Bar-Joseph Ziv, Gerber Georg K, Gifford David K, Jaakkola Tommi S, Simon Itamar
MIT Laboratory for Computer Science, 200 Technology Square, Cambridge, MA 02139, USA.
J Comput Biol. 2003;10(3-4):341-56. doi: 10.1089/10665270360688057.
We present algorithms for time-series gene expression analysis that permit the principled estimation of unobserved time points, clustering, and dataset alignment. Each expression profile is modeled as a cubic spline (piecewise polynomial) that is estimated from the observed data and every time point influences the overall smooth expression curve. We constrain the spline coefficients of genes in the same class to have similar expression patterns, while also allowing for gene specific parameters. We show that unobserved time points can be reconstructed using our method with 10-15% less error when compared to previous best methods. Our clustering algorithm operates directly on the continuous representations of gene expression profiles, and we demonstrate that this is particularly effective when applied to nonuniformly sampled data. Our continuous alignment algorithm also avoids difficulties encountered by discrete approaches. In particular, our method allows for control of the number of degrees of freedom of the warp through the specification of parameterized functions, which helps to avoid overfitting. We demonstrate that our algorithm produces stable low-error alignments on real expression data and further show a specific application to yeast knock-out data that produces biologically meaningful results.

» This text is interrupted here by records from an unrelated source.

Lemma euler_lipschitz (h s t : R) : 0 < h -> 0 <= s -> 0 <= t ->
  Rabs (euler Phi h t - euler Phi h s) <= M * Rabs (t - s).
Proof.
  intros Hh. revert s t.
  assert (Mono : forall s t, 0 <= s <= t ->
    Rabs (euler Phi h t - euler Phi h s) <= M * (t - s)).
  { intros s t Hst.
    replace (euler Phi h t - euler Phi h s) with
      (euler Phi h t - euler Phi h s - 0 * (t - s)) by ring.
    apply euler_increment; auto. intros i _. rewrite Rminus_0_r. apply Phi_bounded. }
  intros s t Hs Ht. destruct (Rle_or_lt s t).
  - rewrite (Rabs_pos_eq (t - s)) by lra. apply Mono; lra.
  - rewrite Rabs_minus_sym, (Rabs_minus_sym t s), (Rabs_pos_eq (s - t)) by lra.
    apply Mono; lra.
Qed.

(* Consistency of the scheme: for fine steps and short intervals, the polygon
   follows the slope Phi(s, euler s) up to a small relative error, because all
   cell slopes involved are evaluated at nearby points. *)
Lemma euler_consistent (e : R) : 0 < e -> exists d, 0 < d /\ forall h, 0 < h -> h <= d ->
  approx_at Phi e d (euler Phi h).
Proof.
  intros He. destruct (Phi_uc e He) as [d1 [Hd1 Hd]].
  assert (Hmin : 0 < Rmin d1 (d1 / M)).
  { apply Rmin_glb_lt; [lra|apply Rdiv_lt_0_compat; lra]. }
  exists (Rmin d1 (d1 / M) / 2). split; [lra|].
  intros h Hh Hhd s t Hst _ Htd.
  assert (Hm1 : Rmin d1 (d1 / M) <= d1) by apply Rmin_l.
  assert (Hm2 : Rmin d1 (d1 / M) <= d1 / M) by apply Rmin_r.
  apply euler_increment; auto. intros i [Hi1 Hi2].
  pose proof (cell_spec h s Hh ltac:(lra)) as [Hs1 Hs2].
  pose proof (cell_spec h t Hh ltac:(lra)) as [Ht1 Ht2].
  apply le_INR in Hi1. apply le_INR in Hi2.
  assert (T1 : INR (cell h s) * h <= INR i * h) by (apply Rmult_le_compat_r; lra).
  assert (T2 : INR i * h <= INR (cell h t) * h) by (apply Rmult_le_compat_r; lra).
  assert (Hti0 : 0 <= INR i * h) by (apply Rmult_le_pos; [apply pos_INR|lra]).
  assert (Hti : Rabs (INR i * h - s) < d1) by (apply Rabs_def1; lra).
  assert (Hti' : M * Rabs (INR i * h - s) < d1).
  { assert (Rabs (INR i * h - s) < d1 / M) by (apply Rabs_def1; lra).
    apply Rmult_lt_compat_l with (r := M) in H; auto.
    replace (M * (d1 / M)) with d1 in H by (field; lra). exact H. }
  unfold euler_slope. rewrite <- (euler_at_node Phi h i Hh).
  left. apply Hd; auto.
  eapply Rle_lt_trans; [apply euler_lipschitz; auto; lra|exact Hti'].
Qed.

Definition euler_seq (n : nat) : R -> R := euler Phi (/ INR (S n)).

Lemma step_pos (n : nat) : 0 < / INR (S n).
Proof. apply Rinv_0_lt_compat, lt_0_INR. lia. Qed.

Lemma euler_seq_lipschitz (n : nat) : lipschitz01 (euler_seq n) M.
Proof.
  intros s t Hst _. rewrite <- (Rabs_pos_eq (t - s)) by lra.
  apply euler_lipschitz; [apply step_pos|lra|lra].
Qed.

我们提出了用于时间序列基因表达分析的算法,这些算法允许对未观察到的时间点进行有原则的估计、聚类以及数据集对齐。每个表达谱被建模为一个三次样条(分段多项式),它是根据观察到的数据估计出来的,并且每个时间点都会影响整体平滑的表达曲线。我们将同一类基因的样条系数约束为具有相似的表达模式,同时也允许基因特异性参数。我们表明,与之前的最佳方法相比,使用我们的方法可以以低10 - 15%的误差重建未观察到的时间点。我们的聚类算法直接对基因表达谱的连续表示进行操作,并且我们证明,当应用于非均匀采样数据时,这特别有效。我们的连续对齐算法也避免了离散方法所遇到的困难。特别是,我们的方法允许通过参数化函数的指定来控制扭曲的自由度数量,这有助于避免过拟合。我们证明我们的算法在真实表达数据上产生稳定的低误差对齐,并进一步展示了其在酵母基因敲除数据上的具体应用,该应用产生了具有生物学意义的结果。